Movie reviews, news and more

Easy Rider

March 24, 2012 by John Guzdek

Contrary to popular opinion from people who haven’t seen this iconic Sixties movie (admittedly, me until an hour ago), it’s not all just drug montages and trippy hallucination scenes. Easy Rider is all about three things – the cinematography, the soundtrack and the message. Much of the film is just shots of the two bikers against a beautiful, industrial or yokel-infeste background whilst an iconic Sixties song blares away but it’s simple yet effective stuff. With an engaging message wound in to the minimalist storyline, we have a winner as Hopper, Fonda and Southern capture all the hope and idealism of the time but also the realism as the two bikers struggle to find the America they were hoping to encounter.

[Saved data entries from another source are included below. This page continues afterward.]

Lemma Im_csum f n : Im (csum f n) = sum_f_R0 (fun i => Im (f i)) n.
Proof. induction n as [|n IH]; simpl; [|rewrite IH]; reflexivity. Qed.

Lemma csum_ext f g n : (forall i, (i <= n)%nat -> f i = g i) -> csum f n = csum g n.
Proof.
  induction n as [|n IH]; intros H; simpl; [apply H; lia|].
  rewrite IH, H; auto.
Qed.

Lemma csumS_l f n : csum f (S n) = Cadd (f 0%nat) (csum (fun i => f (S i)) n).
Proof. induction n as [|n IH]; [reflexivity|]. cbn [csum] in *. rewrite IH. Cring. Qed.

Lemma csum_add f g n : csum (fun i => Cadd (f i) (g i)) n = Cadd (csum f n) (csum g n).
Proof. induction n as [|n IH]; simpl; [|rewrite IH]; Cring. Qed.

Lemma csum_sub f g n : csum (fun i => Csub (f i) (g i)) n = Csub (csum f n) (csum g n).
Proof. induction n as [|n IH]; simpl; [|rewrite IH]; Cring. Qed.

Lemma csum_mull a f n : Cmul a (csum f n) = csum (fun i => Cmul a (f i)) n.
Proof. induction n as [|n IH]; simpl; [|rewrite <- IH]; Cring. Qed.

Lemma csum_scal r f n : Cscal r (csum f n) = csum (fun i => Cscal r (f i)) n.
Proof. induction n as [|n IH]; simpl; [|rewrite <- IH]; Cring. Qed.

Lemma csum_eq0 f n : (forall i, (i <= n)%nat -> f i = C0) -> csum f n = C0.
Proof.
  induction n as [|n IH]; intros H; simpl; [apply H; lia|].
  rewrite IH, H by (auto; intros; apply H; lia). Cring.
Qed.

Lemma csum_first f n : (forall i, (1 <= i <= n)%nat -> f i = C0) -> csum f n = f 0%nat.
Proof.
  destruct n as [|n]; intros H; [reflexivity|].
  rewrite csumS_l, csum_eq0 by (intros; apply H; lia). Cring.
Qed.

Lemma csum_swap (f : nat -> nat -> Cx) N M :
  csum (fun j => csum (fun m => f j m) M) N = csum (fun m => csum (fun j => f j m) N) M.
Proof.
  induction N as [|N IH]; [reflexivity|].
  cbn [csum]. rewrite IH, <- csum_add. reflexivity.
Qed.

Lemma Un_cv_const c : Un_cv (fun _ => c) c.
Proof.
  intros eps Heps. exists 0%nat. intros. unfold Rdist.
  rewrite Rminus_diag, Rabs_R0. lra.
Qed.
(* Let $G$ be a connected bipartite graph with color classes $E$ (emerald) and $V$ (violet), and fix a triangulation $\mathscr T$ of the root polytope $Q_G$. Let $\Sigma$ be a cycle-free subgraph of $G$ (with vertex set $E\cup V$) such that the corresponding simplex $\sigma\subset Q_G$ is an interior face of $\mathscr T$, and let $C$ be a connected component of $\Sigma$. Then there is a unique maximal simplex of $\mathscr T$ containing $\sigma$ such that in the corresponding spanning tree $\Gamma_C\supset\Sigma$, every edge of $\Gamma_C\setminus\Sigma$ has its violet endpoint facing $C$.
   Context: $Q_G\subset\mathbf R^E\oplus\mathbf R^V$ is the convex hull of $\mathbf i_{\{e\}}+\mathbf i_{\{v\}}$ over edges $ev$ of $G$. The simplex corresponding to a cycle-free set of edges is the convex hull of the corresponding vertices of $Q_G$ (these are affinely independent exactly when the edge set is cycle-free); maximal simplices correspond to spanning trees. A triangulation is a collection of full-dimensional such simplices pairwise meeting in common faces with union $Q_G$; its faces are the faces of these simplices, and a face is interior if it is not contained in the boundary of $Q_G$. For a tree $\Gamma$ containing a connected subgraph $C$ and an edge $\varepsilon\in\Gamma\setminus C$, the endpoint of $\varepsilon$ closer to $C$ in $\Gamma$ is said to face $C$. *)

From mathcomp Require Import all_boot all_order all_algebra.
From mathcomp Require Import reals.
Set Implicit Arguments. Unset Strict Implicit. Unset Printing Implicit Defensive.
Import Order.TTheory GRing.Theory Num.Theory.
Local Open Scope ring_scope.

Section RootPolytope.
Variables (E V : finType).

(* A bipartite graph with colour classes E (emerald) and V (violet) is given by
   its edge set, a subset of E * V; subgraphs are subsets of it.
   Vertices of the graph are the elements of E + V. *)
Definition sadj (S : {set E * V}) : rel (E + V) :=
  fun x y => match x, y with
             | inl e, inr v => (e, v) \in S
             | inr v, inl e => (e, v) \in S
             | _, _ => false
             end.

Definition gconnected (S : {set E * V}) : Prop :=
  forall x y : E + V, connect (sadj S) x y.

Definition has_cycle (S : {set E * V}) : Prop :=
  exists c : seq (E + V), [/\ uniq c, (3 <= size c)%N & cycle (sadj S) c].

Definition cycle_free (S : {set E * V}) : Prop := ~ has_cycle S.

Definition spanning_tree (G S : {set E * V}) : Prop :=
  [/\ S \subset G, cycle_free S & gconnected S].

Definition component (S : {set E * V}) (C : {set E + V}) : Prop :=
  exists x : E + V, C = [set y | connect (sadj S) x y].

Definition within (S : {set E * V}) (C : {set E + V}) (x : E + V) (n : nat) : Prop :=
  exists p : seq (E + V), [/\ path (sadj S) x p, last x p \in C & (size p <= n)%N].

Definition closer (S : {set E * V}) (C : {set E + V}) (x y : E + V) : Prop :=
  exists n : nat, within S C x n /\ ~ within S C y n.

Variable R : realType.

(* points of R^E (+) R^V are functions E + V -> R *)
Definition vpoint (a : E * V) : E + V -> R :=
  fun z => (z == inl a.1)%:R + (z == inr a.2)%:R.
(* Let $\Gamma$ be a finitely generated group, $I$ an index set, and $\rho_i:\Gamma\to G_i$ ($i\in I$) surjective homomorphisms onto finite groups, such that $\Gamma$ has Property $(\tau)$ with respect to the family $(\ker\rho_i)_{i\in I}$. Let $S=S^{-1}$ be a finite symmetric generating set of $\Gamma$; for $N\geq1$ let $W=W_N=S^N$ be the set of words of length $N$ in the alphabet $S$, and for $w=(s_1,\ldots,s_N)$ let $F_w=s_1\cdots s_N\in\Gamma$. Assume there is a word of odd length $c$ in the alphabet $S$ whose value in $\Gamma$ is the identity. Then there exists $\alpha>0$, depending only on $\Gamma$, $|S|$, the $(\tau)$-constant for $(S,\Gamma,(\ker\rho_i))$ and $c$, such that for every $i\in I$, every finite-dimensional complex representation $\pi:\Gamma\to GL(V)$ that factors through $\rho_i$ and does not contain the trivial representation, and all vectors $e,f\in V$, we have for all $N\geq1$ $$\Big|\sum_{w\in W}\langle\pi(F_w)e,f\rangle\Big|\leq\|e\|\,\|f\|\,|W|^{1-\alpha},\qquad\Big|\sum_{w\in W}\operatorname{Tr}\pi(F_w)\Big|\leq(\dim\pi)|W|^{1-\alpha},$$ where $\langle\cdot,\cdot\rangle$ is a $\Gamma$-invariant inner product on $V$.
   Context: $\Gamma$ has Property $(\tau)$ with respect to a family $(N_i)$ of finite-index normal subgroups if there is $\varepsilon>0$ such that for every unitary representation $\varpi$ of $\Gamma$ that factors through some $\Gamma/N_i$ and does not contain the trivial representation, and every nonzero vector $v$, one has $\max_{s\in S}\|\varpi(s)v-v\|\geq\varepsilon\|v\|$; the $(\tau)$-constant is the largest such $\varepsilon$ (for the generating set $S$). *)

From HB Require Import structures.
From mathcomp Require Import all_boot all_order all_algebra all_fingroup.
From mathcomp Require Import reals exp complex.
Set Implicit Arguments. Unset Strict Implicit. Unset Printing Implicit Defensive.
Import GRing.Theory Num.Theory.
Local Open Scope ring_scope.
Local Open Scope complex_scope.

The story tells of Wyatt (Fonda) and Billy (Hopper) who do a drugs and then go on a biking trip (petrol not lycra-and-peddle fueled) across American to Mardi Gras in New Orleans. Along the way they run foul of the locals, meet a friendly, drunken lawyer (Nicholson), pick up a commune hippy (Spector) and meet a couple of lovely prostitutes (Anders and Scharf).

The three main characters act as excellent counterpoints to each other. You’ve got the cool, monosyllable Wyatt, Billy the talkative classic stoner, and the flawed face of normal society (in other words, one who likes to get drunk rather than high) tagging along for the funnies. There’s something for everyone and it’s a formula that been copied for the last thirty years.

All-in-all, it’s an excellent film but it is always going to be pretty tough for us young ‘uns to really immerse ourselves in the experience because we weren’t there, man.